Lemma Aut_set_id : Aut_set mul id.
Proof. by split; [exact: End_set_id | exists id]. Qed.

Lemma Aut_set_comp f g : Aut_set mul f -> Aut_set mul g -> Aut_set mul (f \o g).
Proof.
by move=> [Ef bf] [Eg bg]; split; [exact: End_set_comp | exact: bij_comp].
Qed.

Lemma Aut_subset_End : Aut_set mul `<=` End_set mul.
Proof. by move=> f []. Qed.

Lemma finvK (f : S -> S) : bijective f -> cancel f (finv f) /\ cancel (finv f) f.
Proof.
move=> bf; rewrite /finv; case: pselect => [H|nH]; first by case: cid => h [].
by exfalso; apply: nH; case: bf => h fh hf; exists h.
Qed.

Definition invariant_core (G : set (S -> S)) (r : set (S * S)) : set (S * S) :=
  [set p | forall f, G f -> r (f p.1, f p.2)].

Lemma invariant_core_congruence G r : G `<=` End_set mul ->
  congruence mul r -> congruence mul (invariant_core G r).
Proof.
move=> GE cr; split.
- by move=> x f _; exact: (congruence_refl cr (f x)).
- by move=> x y xy f Gf; exact: (congruence_sym cr (xy f Gf)).
- by move=> x y z xy yz f Gf; exact: (congruence_trans cr (xy f Gf) (yz f Gf)).
- move=> x y x' y' xy xy' f Gf /=; have [_ fM] := GE f Gf.
  by rewrite !fM; exact: (congruence_mul cr (xy f Gf) (xy' f Gf)).
Qed.

Lemma invariant_core_invariant G r :
  (forall f g, G f -> G g -> G (f \o g)) -> invariant_under G (invariant_core G r).
Proof. by move=> Gcomp h Gh x y xy f Gf; exact: xy (f \o h) (Gcomp _ _ Gf Gh). Qed.

End EndomorphismSets.

Lemma compact_ultra_cvg (T : topologicalType) (X : Type) (U : set_system X)
    (phi : X -> T) :
  compact [set: T] -> UltraFilter U -> exists c : T, phi @ U --> c.
Proof.
move=> cT UU; have [c [_ clc]] := cT (phi @ U) _ filterT.
exists c => W nW; have [//|UnW] := in_ultra_setVsetC (phi @^-1` W) UU.
by have [w [nWw Ww]] := clc (~` W) W UnW nW.
Qed.

Section ProfiniteSemigroup.
Context {S : topologicalType} (mul : S -> S -> S).
Hypothesis S_profinite : profinite_semigroup mul.

Let mulA : associative mul := S_profinite.1.
Let mul_continuous : continuous (fun p : S * S => mul p.1 p.2) := S_profinite.2.1.
Let S_compact : compact [set: S] := S_profinite.2.2.1.
Let S_hausdorff : hausdorff_space S := S_profinite.2.2.2.1.
Let S_zero_dimensional : zero_dimensional S :=
  compact_totally_disconnected_zero_dimensional S_compact S_hausdorff
    S_profinite.2.2.2.2.

Lemma open_congruence_class_subset z (V : set S) : open V -> V z ->
  exists2 r, open_congruence mul r & forall w, r (z, w) -> V w.
Proof.
move=> oV Vz.
have [K [cK Kz] KV] :=
  zero_dimensional_clopen_subset S_compact S_hausdorff S_zero_dimensional oV Vz.
have K_congruence : congruence mul (syntactic mul K) := syntactic_congruence K mulA.
exists (syntactic mul K); last by move=> w /syntactic_subset/(_ Kz)/KV.
split => //; apply: (congruence_open K_congruence) => x.
exact: syntactic_nbhs.
Qed.

Lemma open_congruences_separate a b :
  (forall r, open_congruence mul r -> r (a, b)) -> a = b.
Proof.
move=> rab; apply: contrapT => /eqP ab.
have [A [oA aA bA]] := hausdorff_accessible S_hausdorff ab.
rewrite inE in aA; rewrite inE in bA.
have [r r_open rA] := open_congruence_class_subset oA aA.
by apply/bA/rA; exact: rab.
Qed.

Section FundamentalSystem.
Variable P : set (S * S) -> Prop.
Hypothesis P_fundamental : fundamental_system mul P.

Lemma fundamental_class_subset z (V : set S) : open V -> V z ->
  exists s, [/\ open_congruence mul s, P s & forall w, s (z, w) -> V w].
Proof.
move=> oV Vz; have [r r_open rV] := open_congruence_class_subset oV Vz.
have [s [s_open Ps sr]] := P_fundamental r_open.
by exists s; split => // w /sr; exact: rV.
Qed.

Lemma fundamental_separate a b :
  (forall s, open_congruence mul s -> P s -> s (a, b)) -> a = b.
Proof.
move=> sab; apply: open_congruences_separate => r r_open.
have [s [s_open Ps sr]] := P_fundamental r_open.
by apply: sr; exact: sab.
Qed.

End FundamentalSystem.

Lemma invariant_core_open (G : set (S -> S)) r : @compact (@CO S) G ->
  G `<=` End_set mul -> open_congruence mul r -> open (invariant_core G r).
Proof.
move=> G_compact GE r_open; have cr := r_open.1.
apply: (congruence_open (invariant_core_congruence GE cr)) => x.
have cover := (@compact_near_coveringP (@CO S) G).1 G_compact S (nbhs x)
  (fun y f => r (f x, f y)) _.
apply: filterS (cover _ _) => [y Py f Gf|f Gf]; first exact: Py.
have [cf _] := GE f Gf.
pose C := f @^-1` [set w | r (f x, w)].
have C_open : open C.
  apply: open_comp => [z _|]; first exact: cf.
  exact: (open_congruence_class_open r_open (f x)).
have C_compact : compact C.
  apply: subclosed_compact S_compact _ => //.
  apply: (continuous_closedP f).1 => //.
  exact: (@open_congruence_class_closed _ _ _ r_open (f x)).
exists ([set f' : @CO S | f' @` C `<=` [set w | r (f x, w)]], C) => /=.
  split; last exact: open_nbhs_nbhs (conj C_open (congruence_refl cr (f x))).
  apply: open_nbhs_nbhs; split.
    exact: compact_open_open (open_congruence_class_open r_open (f x)).
  by move=> _ [z Cz <-].
move=> [f' y] /= [f'C Cy].
have rx : r (f x, f' x).
  by apply: f'C; exists x => //; exact: (congruence_refl cr (f x)).
have ry : r (f x, f' y) by apply: f'C; exists y.
exact: (congruence_trans cr (congruence_sym cr rx) ry).
Qed.

Lemma compact_fundamental_invariant (G : set (S -> S)) :
  @compact (@CO S) G -> G `<=` End_set mul -> G id ->
  (forall f g, G f -> G g -> G (f \o g)) ->
  fundamental_system mul (invariant_under G).
Proof.
move=> G_compact GE Gid Gcomp r r_open.
exists (invariant_core G r); split.
- split; last exact: invariant_core_open.
  exact: invariant_core_congruence GE r_open.1.
- exact: invariant_core_invariant.
- by move=> [x y] /(_ id Gid).
Qed.

(* Equicontinuity: an invariant open congruence controls [h] on a whole class. *)
Lemma fundamental_invariant_cvg (G : set (S -> S)) (F : set_system (S -> S))
    (g : S -> S) :
  fundamental_system mul (invariant_under G) -> Filter F -> F G ->
  (forall x, (fun h => h x) @ F --> g x) -> F --> (g : @CO S).
Proof.
move=> G_fundamental FF FG Fg.
apply: (proj2 (@compact_open_cvgP S S F g FF)) => K O K_compact oO gKO.
have cover := (compact_near_coveringP K).1 K_compact (S -> S) F
  (fun h y => O (h y)) FF.
apply: filterS (cover _) => [h hK _ [y Ky <-]|x Kx]; first exact: hK.
have [s [s_open s_inv sO]] :=
  fundamental_class_subset G_fundamental oO (gKO _ (imageP g Kx)).
have cs := s_open.1.
exists ([set y | s (x, y)], [set h | G h /\ s (g x, h x)]) => /=.
  split; first exact: (open_congruence_nbhs s_open x).
  apply: filterI => //.
  exact: (cvg_open_congruence_class s_open (Fg x)).
move=> [y h] /= [sxy [Gh sgh]]; apply: sO.
exact: (congruence_trans cs sgh (s_inv h Gh _ _ sxy)).
Qed.

Lemma ultra_ptws_limit_End (G : set (S -> S)) (U : set_system (S -> S)) :
  fundamental_system mul (invariant_under G) -> G `<=` End_set mul ->
  UltraFilter U -> U G ->
  exists2 g, End_set mul g & forall x, (fun h => h x) @ U --> g x.
Proof.
move=> G_fundamental GE UU UG.
have [g Ug] :=
  choice (fun x => compact_ultra_cvg (fun h : S -> S => h x) S_compact UU).
have near_g s x : open_congruence mul s -> U [set h | G h /\ s (g x, h x)].
  move=> s_open; apply: filterI => //.
  exact: (cvg_open_congruence_class s_open (Ug x)).
exists g => //; split.
- move=> x W nW.
  have [s [s_open s_inv sW]] :=
    fundamental_class_subset G_fundamental (@open_interior _ W) nW.
  have cs := s_open.1.
  apply: filterS (open_congruence_nbhs s_open x) => y sxy.
  apply: (@interior_subset _ W); apply: sW.
  have [h [[Gh sx] [_ sy]]] :=
    filter_ex (filterI (near_g s x s_open) (near_g s y s_open)).
  exact: (congruence_trans cs sx
    (congruence_trans cs (s_inv h Gh _ _ sxy) (congruence_sym cs sy))).
- move=> x y; apply: (fundamental_separate G_fundamental) => s s_open s_inv.
  have cs := s_open.1.
  have [h [[Gh sx] [[_ sy] [_ sxy]]]] := filter_ex (filterI (near_g s x s_open)
    (filterI (near_g s y s_open) (near_g s (mul x y) s_open))).
  have [_ hM] := GE h Gh; rewrite hM in sxy.
  apply: (congruence_trans cs sxy).
  exact: (congruence_mul cs (congruence_sym cs sx) (congruence_sym cs sy)).
Qed.

(* The inverse of a continuous bijection of a compact Hausdorff space maps
   open sets to complements of images of compact sets. *)
Lemma Aut_set_finv f : Aut_set mul f -> Aut_set mul (finv f).
Proof.
move=> [[cf fM] bf]; have [fK Kf] := finvK bf.
split; last by exists f.
split; last by move=> x y; apply: (can_inj fK); rewrite fM !Kf.
apply/continuousP => A oA.
have -> : finv f @^-1` A = ~` (f @` (~` A)).
  apply/seteqP; split => y.
    by move=> Ay [z nAz fz]; apply: nAz; rewrite -(fK z) fz.
  move=> nfy; apply: contrapT => nAy; apply: nfy.
  by exists (finv f y); rewrite ?Kf.
apply: closed_openC; apply: compact_closed => //; apply: continuous_compact.
  by apply: continuous_subspaceT => x; exact: cf.
by apply: (subclosed_compact _ S_compact) => //; exact: open_closedC.
Qed.

Lemma ultra_ptws_limit_Aut (U : set_system (S -> S)) :
  fundamental_system mul (characteristic mul) ->
  UltraFilter U -> U (Aut_set mul) ->
  exists2 g, Aut_set mul g & forall x, (fun h => h x) @ U --> g x.
Proof.
move=> char_fundamental UU UA.
have [g Eg Ug] :=
  ultra_ptws_limit_End char_fundamental (@Aut_subset_End _ mul) UU UA.
have [h Uh] :=
  choice (fun x => compact_ultra_cvg (fun f => finv f x) S_compact UU).
have near_g s x : open_congruence mul s -> U [set f | s (g x, f x)].
  by move=> s_open; exact: (cvg_open_congruence_class s_open (Ug x)).
have near_h s x : open_congruence mul s ->
    U [set f | Aut_set mul f /\ s (h x, finv f x)].
  move=> s_open; apply: filterI => //.
  exact: (cvg_open_congruence_class s_open (Uh x)).
exists g => //; split => //; exists h => x;
  apply: (fundamental_separate char_fundamental) => s s_open s_inv;
  have cs := s_open.1.
- have [f [[Af shf] sgf]] :=
    filter_ex (filterI (near_h s (g x) s_open) (near_g s x s_open)).
  have := s_inv (finv f) (Aut_set_finv Af) _ _ sgf; rewrite (finvK Af.2).1.
  exact: (congruence_trans cs shf).
- have [f [[Af shf] sgf]] :=
    filter_ex (filterI (near_h s x s_open) (near_g s (h x) s_open)).
  have := s_inv f Af _ _ shf; rewrite (finvK Af.2).2 => sfx.
  exact: (congruence_trans cs sgf sfx).
Qed.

Work instructions
Looking at the data above, write out exactly the lines that start at the one containing "Definition invariant_core (G" and end at the one containing "Let S_compact : compact"; include both and nothing beyond.

Answer
Definition invariant_core (G : set (S -> S)) (r : set (S * S)) : set (S * S) :=
  [set p | forall f, G f -> r (f p.1, f p.2)].

Lemma invariant_core_congruence G r : G `<=` End_set mul ->
  congruence mul r -> congruence mul (invariant_core G r).
Proof.
move=> GE cr; split.
- by move=> x f _; exact: (congruence_refl cr (f x)).
- by move=> x y xy f Gf; exact: (congruence_sym cr (xy f Gf)).
- by move=> x y z xy yz f Gf; exact: (congruence_trans cr (xy f Gf) (yz f Gf)).
- move=> x y x' y' xy xy' f Gf /=; have [_ fM] := GE f Gf.
  by rewrite !fM; exact: (congruence_mul cr (xy f Gf) (xy' f Gf)).
Qed.

Lemma invariant_core_invariant G r :
  (forall f g, G f -> G g -> G (f \o g)) -> invariant_under G (invariant_core G r).
Proof. by move=> Gcomp h Gh x y xy f Gf; exact: xy (f \o h) (Gcomp _ _ Gf Gh). Qed.

End EndomorphismSets.

Lemma compact_ultra_cvg (T : topologicalType) (X : Type) (U : set_system X)
    (phi : X -> T) :
  compact [set: T] -> UltraFilter U -> exists c : T, phi @ U --> c.
Proof.
move=> cT UU; have [c [_ clc]] := cT (phi @ U) _ filterT.
exists c => W nW; have [//|UnW] := in_ultra_setVsetC (phi @^-1` W) UU.
by have [w [nWw Ww]] := clc (~` W) W UnW nW.
Qed.

Section ProfiniteSemigroup.
Context {S : topologicalType} (mul : S -> S -> S).
Hypothesis S_profinite : profinite_semigroup mul.

Let mulA : associative mul := S_profinite.1.
Let mul_continuous : continuous (fun p : S * S => mul p.1 p.2) := S_profinite.2.1.
Let S_compact : compact [set: S] := S_profinite.2.2.1.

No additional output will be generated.